● **Assigned task**
Each line that contains the word "Proof" is to be copied from the records below.

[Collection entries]
----

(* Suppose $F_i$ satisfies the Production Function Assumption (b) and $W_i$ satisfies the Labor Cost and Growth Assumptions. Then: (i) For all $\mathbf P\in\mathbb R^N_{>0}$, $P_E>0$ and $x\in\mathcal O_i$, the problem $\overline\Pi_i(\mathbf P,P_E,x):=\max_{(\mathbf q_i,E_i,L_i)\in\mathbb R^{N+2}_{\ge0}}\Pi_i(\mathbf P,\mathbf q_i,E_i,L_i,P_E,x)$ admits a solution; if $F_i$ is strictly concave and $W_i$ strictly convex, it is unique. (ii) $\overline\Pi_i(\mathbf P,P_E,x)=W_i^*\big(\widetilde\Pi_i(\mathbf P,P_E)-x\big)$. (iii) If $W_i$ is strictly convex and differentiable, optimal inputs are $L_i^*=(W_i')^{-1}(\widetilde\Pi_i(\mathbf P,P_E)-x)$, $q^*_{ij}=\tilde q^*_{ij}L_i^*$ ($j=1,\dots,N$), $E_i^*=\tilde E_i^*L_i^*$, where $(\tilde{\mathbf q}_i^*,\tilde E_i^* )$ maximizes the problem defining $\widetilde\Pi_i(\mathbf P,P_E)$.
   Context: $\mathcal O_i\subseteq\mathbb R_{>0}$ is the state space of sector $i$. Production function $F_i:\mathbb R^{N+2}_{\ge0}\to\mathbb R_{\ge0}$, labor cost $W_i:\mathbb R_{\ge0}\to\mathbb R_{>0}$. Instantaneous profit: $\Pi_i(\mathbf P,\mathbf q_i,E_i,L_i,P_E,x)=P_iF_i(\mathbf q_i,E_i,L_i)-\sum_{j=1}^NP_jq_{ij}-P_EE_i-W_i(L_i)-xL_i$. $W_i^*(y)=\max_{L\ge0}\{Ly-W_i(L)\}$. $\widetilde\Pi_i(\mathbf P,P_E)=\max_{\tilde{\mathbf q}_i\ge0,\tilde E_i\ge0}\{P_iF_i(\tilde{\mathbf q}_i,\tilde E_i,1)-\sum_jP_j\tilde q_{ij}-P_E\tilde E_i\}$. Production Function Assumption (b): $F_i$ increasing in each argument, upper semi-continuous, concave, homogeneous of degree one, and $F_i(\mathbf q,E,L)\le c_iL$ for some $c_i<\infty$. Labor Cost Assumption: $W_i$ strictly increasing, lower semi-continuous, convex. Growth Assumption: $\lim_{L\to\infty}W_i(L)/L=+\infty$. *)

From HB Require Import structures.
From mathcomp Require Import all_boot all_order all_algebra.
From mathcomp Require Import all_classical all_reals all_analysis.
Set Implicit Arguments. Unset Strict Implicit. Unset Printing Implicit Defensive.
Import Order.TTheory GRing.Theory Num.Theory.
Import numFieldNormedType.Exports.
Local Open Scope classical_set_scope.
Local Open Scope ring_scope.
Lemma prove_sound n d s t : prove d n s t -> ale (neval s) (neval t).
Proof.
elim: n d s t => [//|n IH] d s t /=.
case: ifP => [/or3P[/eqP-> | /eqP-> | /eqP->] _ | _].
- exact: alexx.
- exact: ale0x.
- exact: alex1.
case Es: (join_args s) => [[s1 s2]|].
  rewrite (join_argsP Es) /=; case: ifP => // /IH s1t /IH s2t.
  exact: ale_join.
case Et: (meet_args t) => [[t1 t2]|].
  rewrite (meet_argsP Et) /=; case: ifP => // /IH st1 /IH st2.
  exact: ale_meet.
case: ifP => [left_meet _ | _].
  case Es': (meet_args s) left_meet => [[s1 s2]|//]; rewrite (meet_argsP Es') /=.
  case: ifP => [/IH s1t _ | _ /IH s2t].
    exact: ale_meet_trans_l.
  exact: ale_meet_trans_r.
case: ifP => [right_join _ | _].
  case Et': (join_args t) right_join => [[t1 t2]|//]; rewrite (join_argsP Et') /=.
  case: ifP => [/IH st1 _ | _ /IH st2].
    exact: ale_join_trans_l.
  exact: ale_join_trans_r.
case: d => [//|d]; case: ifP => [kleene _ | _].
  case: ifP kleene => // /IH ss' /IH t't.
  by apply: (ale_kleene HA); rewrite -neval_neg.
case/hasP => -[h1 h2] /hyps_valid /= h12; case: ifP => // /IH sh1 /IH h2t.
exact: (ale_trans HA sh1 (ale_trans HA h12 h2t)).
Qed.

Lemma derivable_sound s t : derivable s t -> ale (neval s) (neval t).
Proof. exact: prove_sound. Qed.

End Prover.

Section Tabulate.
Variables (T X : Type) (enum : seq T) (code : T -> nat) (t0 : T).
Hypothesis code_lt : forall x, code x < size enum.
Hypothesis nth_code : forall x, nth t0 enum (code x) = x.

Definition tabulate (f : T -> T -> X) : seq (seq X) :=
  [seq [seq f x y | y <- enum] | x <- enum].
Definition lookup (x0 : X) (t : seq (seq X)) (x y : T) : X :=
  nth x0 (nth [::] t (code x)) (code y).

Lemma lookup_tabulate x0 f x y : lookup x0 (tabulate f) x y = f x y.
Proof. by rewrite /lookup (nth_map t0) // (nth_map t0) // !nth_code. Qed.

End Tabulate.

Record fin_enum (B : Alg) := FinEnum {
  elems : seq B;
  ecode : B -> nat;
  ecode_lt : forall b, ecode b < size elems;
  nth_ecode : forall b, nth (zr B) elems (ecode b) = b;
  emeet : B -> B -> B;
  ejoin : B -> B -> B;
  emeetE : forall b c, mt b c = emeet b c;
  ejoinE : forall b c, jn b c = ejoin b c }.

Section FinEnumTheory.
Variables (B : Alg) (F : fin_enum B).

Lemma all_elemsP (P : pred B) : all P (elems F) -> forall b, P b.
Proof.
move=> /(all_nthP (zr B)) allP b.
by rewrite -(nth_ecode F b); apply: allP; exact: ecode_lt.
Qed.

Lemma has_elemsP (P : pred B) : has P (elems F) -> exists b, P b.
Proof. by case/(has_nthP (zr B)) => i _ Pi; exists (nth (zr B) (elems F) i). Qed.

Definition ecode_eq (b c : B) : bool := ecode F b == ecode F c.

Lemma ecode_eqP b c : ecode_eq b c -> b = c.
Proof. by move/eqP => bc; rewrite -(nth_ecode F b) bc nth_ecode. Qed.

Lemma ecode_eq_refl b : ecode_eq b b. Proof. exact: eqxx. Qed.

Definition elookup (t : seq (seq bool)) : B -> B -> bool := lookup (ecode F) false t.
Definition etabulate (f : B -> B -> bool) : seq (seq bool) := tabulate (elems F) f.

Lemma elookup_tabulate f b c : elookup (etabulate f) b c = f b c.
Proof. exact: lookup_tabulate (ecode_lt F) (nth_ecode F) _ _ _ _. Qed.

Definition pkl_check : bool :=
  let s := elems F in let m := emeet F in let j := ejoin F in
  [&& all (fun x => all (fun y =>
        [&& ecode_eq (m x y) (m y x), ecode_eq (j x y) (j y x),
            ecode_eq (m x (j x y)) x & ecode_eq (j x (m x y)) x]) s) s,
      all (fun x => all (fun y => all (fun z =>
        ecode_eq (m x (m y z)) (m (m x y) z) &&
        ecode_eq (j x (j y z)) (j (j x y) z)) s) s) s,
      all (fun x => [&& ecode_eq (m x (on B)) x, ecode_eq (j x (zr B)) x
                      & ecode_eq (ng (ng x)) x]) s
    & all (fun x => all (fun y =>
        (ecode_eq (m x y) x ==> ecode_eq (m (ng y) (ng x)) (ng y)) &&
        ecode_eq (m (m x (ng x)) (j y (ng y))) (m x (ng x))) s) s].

----

● **Task output**
Proof.
Proof. exact: prove_sound. Qed.
Proof. by rewrite /lookup (nth_map t0) // (nth_map t0) // !nth_code. Qed.
Proof.
Proof. by case/(has_nthP (zr B)) => i _ Pi; exists (nth (zr B) (elems F) i). Qed.
Proof. by move/eqP => bc; rewrite -(nth_ecode F b) bc nth_ecode. Qed.
Lemma ecode_eq_refl b : ecode_eq b b. Proof. exact: eqxx. Qed.
Proof. exact: lookup_tabulate (ecode_lt F) (nth_ecode F) _ _ _ _. Qed.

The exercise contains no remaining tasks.